The level of kurtosis in our data was not directly specified, but we can see how these values do describe the amount of kurtosis in these data.

skew.2SE and kurt.2SE

`stat-desc()` also provides `skew.2SE` and `kurt.2SE`.

By converting skew and kurtosis to z-scores, it is possible to determine how common (or uncommon) the level of skew and kurtosis in our sample truly are. The value of `skew.2SE` and `kurt.2SE` are equal to skew and kurtosis divided by 2 standard errors. By normalizing skew and kurtosis in this way, if `skew.2SE` and `kurt.2SE` are greater than 1, we can conclude that there is only a 5% chance (i.e. p < 0.05) of obtaining values of skew and kurtosis as or more extreme than this by chance.

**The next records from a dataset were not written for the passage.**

(* Let $\Gamma$ be finite. For every directed edge $\epsilon\in\vec E$, as operators on $\mathcal H$, $$[\ell(\epsilon),JX_\epsilon J]=-\frac{1}{\sqrt[4]{\mu(s(\epsilon))^3\mu(t(\epsilon))}}\,|s(\epsilon)\rangle\langle t(\epsilon)|,$$ and $[\ell(\epsilon),JX_{\epsilon'}J]=0$ whenever $\epsilon'\in\vec E$, $\epsilon'\neq\epsilon$.
   Context: $\Gamma$ is a finite connected undirected graph (loops, multiple edges allowed), vertex set $V$, weighting $\mu:V\to(0,\infty)$. Directed version $\vec\Gamma$: each edge with distinct endpoints $\alpha\ne\beta$ yields $\epsilon,\epsilon^{op}$ with $s(\epsilon)=t(\epsilon^{op})=\alpha$, $t(\epsilon)=s(\epsilon^{op})=\beta$; each loop yields one directed loop $\epsilon=\epsilon^{op}$. $\mathcal C=C_0(V)$, $p_\alpha$ indicator of $\alpha$; $\mathcal X$ the Hilbert $\mathcal C$-$\mathcal C$ bimodule spanned by directed edges with $p_\alpha\epsilon=\delta_{s(\epsilon),\alpha}\epsilon$, $\epsilon p_\alpha=\delta_{t(\epsilon),\alpha}\epsilon$, $\langle\epsilon'|\epsilon\rangle=\delta_{\epsilon,\epsilon'}p_{t(\epsilon)}$; $\mathcal F(\mathcal X)$ its full Fock space with creation operators $\ell(\xi)$. For a loop $e$: $X_e=\ell(\epsilon)+\ell(\epsilon)^*$; for $e$ with endpoints $\alpha\ne\beta$: $a_\epsilon=(\mu(\alpha)/\mu(\beta))^{1/4}$, $X_e=a_\epsilon\ell(\epsilon)+a_\epsilon^{-1}\ell(\epsilon^{op})^*+a_\epsilon^{-1}\ell(\epsilon^{op})+a_\epsilon\ell(\epsilon)^*$; $X_\epsilon=p_{s(\epsilon)}X_ep_{t(\epsilon)}$. $\mathcal S(\Gamma,\mu)$ is the C$^*$-algebra generated by $\mathcal C$ and the $X_e$; $\mathrm{Tr}=\mathrm{tr}\circ E$ with $E(x)=PxP$, $\mathrm{tr}(p_v)=\mu(v)$. $\mathcal H=L^2(\mathcal S(\Gamma,\mu),\mathrm{Tr})\cong\mathcal F(\mathcal X)\otimes_{\mathcal C}\ell^2(V,\mu)$, with inner product linear in the right variable. $\mathcal H$ has an orthogonal spanning set consisting of the vertices $\gamma\in V$ (the vectors $\widehat{p_\gamma}$, paths of length 0) and the paths $\epsilon_1\cdots\epsilon_n$ in $\vec\Gamma$ ($t(\epsilon_k)=s(\epsilon_{k+1})$), with $\|\gamma\|=\sqrt{\mu(\gamma)}$, $\|\epsilon_1\cdots\epsilon_n\|=\sqrt{\mu(t(\epsilon_n))}$. The operator $\ell(\epsilon)$ acts by $\ell(\epsilon)\gamma=\delta_{t(\epsilon),\gamma}\epsilon$ and $\ell(\epsilon)(\epsilon_1\cdots\epsilon_n)=\epsilon\epsilon_1\cdots\epsilon_n$ if $t(\epsilon)=s(\epsilon_1)$ and $0$ otherwise; $\mathcal S(\Gamma,\mu)$ acts on $\mathcal H$ by left multiplication. $J$ is the modular conjugation, the antilinear isometry extending $\hat x\mapsto\widehat{x^*}$; concretely $J\gamma=\gamma$ and $J(\epsilon_1\cdots\epsilon_n)=\sqrt{\mu(t(\epsilon_n))/\mu(s(\epsilon_1))}\,\epsilon_n^{op}\cdots\epsilon_1^{op}$. For $\xi,\eta\in\mathcal H$, $|\xi\rangle\langle\eta|$ is the rank-one operator $\zeta\mapsto\xi\langle\eta|\zeta\rangle_{\mathcal H}$; vertices $s(\epsilon),t(\epsilon)$ are regarded as vectors in $\mathcal H$. *)

From mathcomp Require Import all_boot all_algebra.
From mathcomp Require Import reals complex.
Set Implicit Arguments. Unset Strict Implicit. Unset Printing Implicit Defensive.
Import GRing.Theory Num.Theory.
Local Open Scope ring_scope.
Local Open Scope complex_scope.

(* Graph data.  A finite graph Gamma is given by its DIRECTED version:         *)
(*   V : finType (vertices), E : finType (directed edges, the set \vec E),      *)
(*   s t : E -> V (source / target), op : E -> E (eps |-> eps^op),              *)
(* with op involutive, s (op e) = t e, t (op e) = s e, and op e = e exactly    *)
(* for the (single) directed loop coming from a loop of Gamma (these are       *)
(* hypotheses of the theorem).  mu : V -> R is the weighting, R : realType,    *)
(* and the scalars are C = R[i].                                              *)
(* The Hilbert space H = F(X) (x)_C l^2(V,mu) has the orthogonal spanning set  *)
(* [basis] = vertices (paths of length 0) + nonempty paths eps_1..eps_n with   *)
(* t(eps_k) = s(eps_(k+1)); ||gamma||^2 = mu gamma, ||eps_1..eps_n||^2 =      *)
(* mu (t eps_n).  A vector xi = sum_b f b * b is represented by its            *)
(* coefficient function  f : basis -> C, and operators act on these.          *)

Section Fock.
Variables (R : realType) (V E : finType) (s t : E -> V) (op : E -> E)
          (mu : V -> R).

Local Notation C := R[i].

Definition is_pathw (w : seq E) : bool := sorted (fun e1 e2 => t e1 == s e2) w.

Definition paths := {p : E * seq E | is_pathw (p.1 :: p.2)}.

Definition basis := (V + paths)%type.

Definition vec := basis -> C.
Definition oper := vec -> vec.

Definition bstart (b : basis) : V :=
  match b with inl v => v | inr p => s (val p).1 end.
Definition bend (b : basis) : V :=
  match b with inl v => v | inr p => t (last (val p).1 (val p).2) end.

Definition norm2 (b : basis) : R := mu (bend b).

Definition coefP (f : vec) (w : seq E) : C :=
  if w is e :: r then (if insub (e, r) is Some q then f (inr q) else 0) else 0.

Definition coefW (f : vec) (v : V) (w : seq E) : C :=
  if w is [::] then f (inl v) else coefP f w.

Definition bvec (b : basis) : vec := fun c => if c == b then 1 else 0.

(* <b | zeta>_H for a basis vector b (inner product linear in the right     *)
(* variable, the spanning set being orthogonal)                             *)
Definition inner_basis (b : basis) (zeta : vec) : C := (norm2 b)%:C * zeta b.

(* rank-one operator |xi><b| : zeta |-> xi <b|zeta> *)
Definition rank1 (xi : vec) (b : basis) : oper :=
  fun zeta c => xi c * inner_basis b zeta.

(* creation operator l(eps): l(eps) gamma = delta_{t eps, gamma} eps,
   l(eps) (eps_1..eps_n) = eps eps_1 .. eps_n (0 if t eps <> s eps_1).
   In coefficients: (l(eps) f)(eps w) = coef of w (w empty = vertex t eps). *)
Definition lcr (eps : E) : oper := fun f b =>
  match b with
  | inl _ => 0
  | inr p => if (val p).1 == eps then coefW f (t eps) (val p).2 else 0
  end.

(* its adjoint l(eps)^* : eps w |-> w, eps |-> t(eps), other basis vectors |-> 0 *)
Definition lann (eps : E) : oper := fun f b =>
  match b with
  | inl v => if v == t eps then coefP f [:: eps] else 0
  | inr p => coefP f (eps :: (val p).1 :: (val p).2)
  end.

Definition pl (alpha : V) : oper := fun f b =>
  if bstart b == alpha then f b else 0.

Definition oadd (A B : oper) : oper := fun f b => A f b + B f b.
Definition oscale (c : C) (A : oper) : oper := fun f b => c * A f b.
Definition ocomp (A B : oper) : oper := fun f => A (B f).
Definition comm (A B : oper) : oper := fun f b => A (B f) b - B (A f) b.

Definition root4 (x : R) : R := Num.sqrt (Num.sqrt x).

Definition a_coef (eps : E) : R := root4 (mu (s eps) / mu (t eps)).

(* X_e for the (undirected) edge e underlying eps (the formula is symmetric
   under eps <-> eps^op since a_(eps^op) = a_eps^-1) *)
Definition Xe (eps : E) : oper :=
  if op eps == eps then oadd (lcr eps) (lann eps)
  else
    let a := (a_coef eps)%:C in
    oadd (oadd (oscale a (lcr eps)) (oscale a^-1 (lann (op eps))))
         (oadd (oscale a^-1 (lcr (op eps))) (oscale a (lann eps))).

Definition Xdir (eps : E) : oper := ocomp (pl (s eps)) (ocomp (Xe eps) (pl (t eps))).

Definition revw (w : seq E) : seq E := rev (map op w).

(* modular conjugation J (antilinear):
   J gamma = gamma,
   J (eps_1..eps_n) = sqrt(mu(t eps_n)/mu(s eps_1)) eps_n^op..eps_1^op.
   Coefficient of the basis element q in J f is conj(f_b) c_b with b = rev q. *)
Definition Jc (w : seq E) : R :=
  if w is e :: r then Num.sqrt (mu (t (last e r)) / mu (s e)) else 1.

Definition J : oper := fun f b =>
  match b with
  | inl v => (f (inl v))^*
  | inr p => let w := revw ((val p).1 :: (val p).2) in
             (coefP f w)^* * (Jc w)%:C
  end.

Definition Jconj (A : oper) : oper := ocomp J (ocomp A J).

Definition adjV : rel V := fun x y => [exists e, (s e == x) && (t e == y)].
Definition graph_connected : Prop := forall x y : V, connect adjV x y.

End Fock.

From mathcomp Require Import all_boot all_order all_algebra.
From mathcomp Require Import reals complex boolp ring.
Set Implicit Arguments. Unset Strict Implicit. Unset Printing Implicit Defensive.
Import Order.TTheory GRing.Theory Num.Theory.
Local Open Scope complex_scope.
Local Open Scope ring_scope.

(* Conjugation by J turns left multiplications into right ones: J p_a J keeps
   the basis vectors ending at a, J l(d) J appends d^op at the end of a path
   and J l(d)^* J deletes a final d^op, up to the weights [Jc] that make J
   isometric.  Prepending an edge commutes with appending or deleting one at
   the end, with a single exception: deleting e from the one-edge path
   e = l(e) t(e) leaves the vertex s(e), which no vector l(e) xi can produce.
   So only the term a_e^-1 l(e^op)^* of [Xe e] contributes to the commutator
   of l(e) with J [Xdir e] J, and it gives
   -a_e^-1 sqrt(mu(t e)/mu(s e)) mu(t e)^-1 |s(e)><t(e)|.  For e' <> e the
   only candidate, the term l(e')^* of [Xe e'] when e'^op = e, yields a
   multiple of the vertex t(e'), which J p_s(e') J kills since e' is not a
   loop. *)

Section FourthRoots.
Variable R : realType.

Lemma root4_expr4 (x : R) : 0 <= x -> root4 x ^+ 4 = x.
Proof.
by move=> x_ge0; rewrite /root4 -[4%N]/(2 * 2)%N exprM !sqr_sqrtr ?sqrtr_ge0.
Qed.

Lemma root4_1 : root4 1 = 1 :> R.
Proof. by rewrite /root4 !sqrtr1. Qed.

Lemma invr_root4_div_mul_sqrt (x y : R) : 0 < x -> 0 < y ->
  (root4 (x / y))^-1 * Num.sqrt (y / x) = (root4 (x ^+ 3 * y))^-1 * y.
Proof.
move=> x_gt0 y_gt0; apply/eqP; rewrite -(@eqrXn2 _ 4) //; last first.
- by rewrite mulr_ge0 ?invr_ge0 ?sqrtr_ge0 ?ltW.
- by rewrite mulr_ge0 ?invr_ge0 ?sqrtr_ge0.
rewrite !exprMn !exprVn !root4_expr4 ?divr_ge0 ?mulr_ge0 ?exprn_ge0 ?ltW //.
rewrite -[4%N]/(2 * 2)%N exprM sqr_sqrtr ?divr_ge0 ?ltW //.
by apply/eqP; field; rewrite !gt_eqF.
Qed.

End FourthRoots.

Section Fock.
Variables (R : realType) (V E : finType) (s t : E -> V) (op : E -> E)
          (mu : V -> R).
Hypotheses (mu_gt0 : forall v, 0 < mu v) (opK : involutive op)
           (s_op : forall e, s (op e) = t e) (t_op : forall e, t (op e) = s e)
           (op_fix : forall e, (op e == e) = (s e == t e)).

Local Notation C := R[i].
Local Notation vec := (vec R s t).
Local Notation oper := (oper R s t).
Local Notation basis := (basis s t).
Local Notation paths := (paths s t).
Local Notation pathw := (@is_pathw V E s t).
Local Notation revw := (@revw E op).
Local Notation coefP := (@coefP R V E s t).
Local Notation coefW := (@coefW R V E s t).
Local Notation lcr := (@lcr R V E s t).
Local Notation lann := (@lann R V E s t).
Local Notation pl := (@pl R V E s t).
Local Notation Jc := (@Jc R V E s t mu).
Local Notation J := (@J R V E s t op mu).
Local Notation Jconj := (@Jconj R V E s t op mu).

Lemma pathw_revw u : pathw (revw u) = pathw u.
Proof.
rewrite /is_pathw /revw rev_sorted sorted_map.
case: u => // e r /=; apply: eq_path => x y /=.
by rewrite s_op t_op eq_sym.
Qed.

Lemma revwK : involutive revw.
Proof.
by move=> u; rewrite /revw map_rev revK -map_comp map_id_in // => x _ /=.
Qed.

Lemma revw_rcons u x : revw (rcons u x) = op x :: revw u.
Proof. by rewrite /revw map_rcons rev_rcons. Qed.

Lemma revw_cons e u : revw (e :: u) = rcons (revw u) (op e).
Proof. by rewrite /revw /= rev_cons. Qed.

Lemma revw_lastI e r : revw (e :: r) = op (last e r) :: revw (belast e r).
Proof. by rewrite lastI revw_rcons. Qed.

Lemma last_revw_belast e r : last (op (last e r)) (revw (belast e r)) = op e.
Proof. by case: r => [|y r] //=; rewrite revw_cons last_rcons. Qed.

Lemma pathw_behead e r : pathw (e :: r) -> pathw r.
Proof. by case: r => //= y r /andP[]. Qed.

Lemma pathw_belast u x : pathw (rcons u x) -> pathw u.
Proof. by case: u => //= e r; rewrite /is_pathw /= rcons_path => /andP[]. Qed.

Lemma pathw_rcons_last e r x : pathw (rcons (e :: r) x) -> t (last e r) = s x.
Proof. by rewrite /is_pathw rcons_cons /= rcons_path => /andP[_ /eqP]. Qed.

Lemma pathw_cons_rcons e y r x : pathw (e :: y :: r) ->
  pathw (rcons (e :: y :: r) x) = pathw (rcons (y :: r) x).
Proof. by rewrite /is_pathw /= => /andP[-> _]. Qed.

Lemma coefP_npath f u : ~~ pathw u -> coefP f u = 0.
Proof.
case: u => // e r u_npath; rewrite /coefP; case: insubP => // q q_path _.
by case/negP: u_npath.
Qed.

Lemma coefP_val f (p : paths) : coefP f ((val p).1 :: (val p).2) = f (inr p).
Proof.
rewrite /coefP; case: insubP => [q _ q_p|/negP[]]; last exact: (valP p).
by congr (f (inr _)); apply: val_inj; rewrite q_p; case: (val p).
Qed.

Lemma coefP_sig f e r (er_path : pathw (e :: r)) :
  f (inr (exist (fun p : E * seq E => pathw (p.1 :: p.2)) (e, r) er_path))
  = coefP f (e :: r).
Proof. exact: (esym (coefP_val f (exist _ (e, r) er_path))). Qed.

Lemma coefW_nil f v : coefW f v [::] = f (inl v).
Proof. by []. Qed.

Lemma coefW_cons f v e r : coefW f v (e :: r) = coefP f (e :: r).
Proof. by []. Qed.

Lemma coefW_rcons f v u x : coefW f v (rcons u x) = coefP f (rcons u x).
Proof. by case: u. Qed.

Lemma lcr_inl e f v : lcr e f (inl v) = 0.
Proof. by []. Qed.

Lemma coefP_add (f g : vec) u : coefP (fun b => f b + g b) u = coefP f u + coefP g u.
Proof. by case: u => [|e r]; rewrite /coefP ?addr0 //; case: insub; rewrite ?addr0. Qed.

Lemma coefP_scale (c : C) (f : vec) u : coefP (fun b => c * f b) u = c * coefP f u.
Proof. by case: u => [|e r]; rewrite /coefP ?mulr0 //; case: insub; rewrite ?mulr0. Qed.

Lemma coefP_lcr d f u : coefP (lcr d f) u =
  if u is e :: r then (if pathw u && (e == d) then coefW f (t d) r else 0) else 0.
Proof.
case: u => [|e r] //; rewrite {1}/coefP.
case: insubP => [q /= -> q_er|/negbTE-> //].
by rewrite /lcr q_er.
Qed.

Lemma coefP_lann d f u : coefP (lann d f) u =
  if u is _ :: _ then (if pathw u then coefP f (d :: u) else 0) else 0.
Proof.
case: u => [|e r] //; rewrite {1}/coefP.
case: insubP => [q /= -> q_er|/negbTE-> //].
by rewrite /lann q_er.
Qed.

Because these normalized values involve dividing by 2 standard errors, they are sensitive to the size of the sample. `skew.2SE` and `kurt.2SE` are most appropriate for relatively small samples, 30-50. For larger samples, it is best to compute values corresponding to `2.58SE` (p < 0.01) and `3.29SE` (p < 0.001). In very large samples, say 200 observations or more, it is best to look at the shape of the distribution visually and consider the actual values of skew and kurtosis, not their normalized values.

### Summary

In this post we learned how to quantify the shape of the distribution associated with our data. In the final blog in this series, we will learn how to specifically test whether a distribution is normal using the Shapiro-Wilk’s test.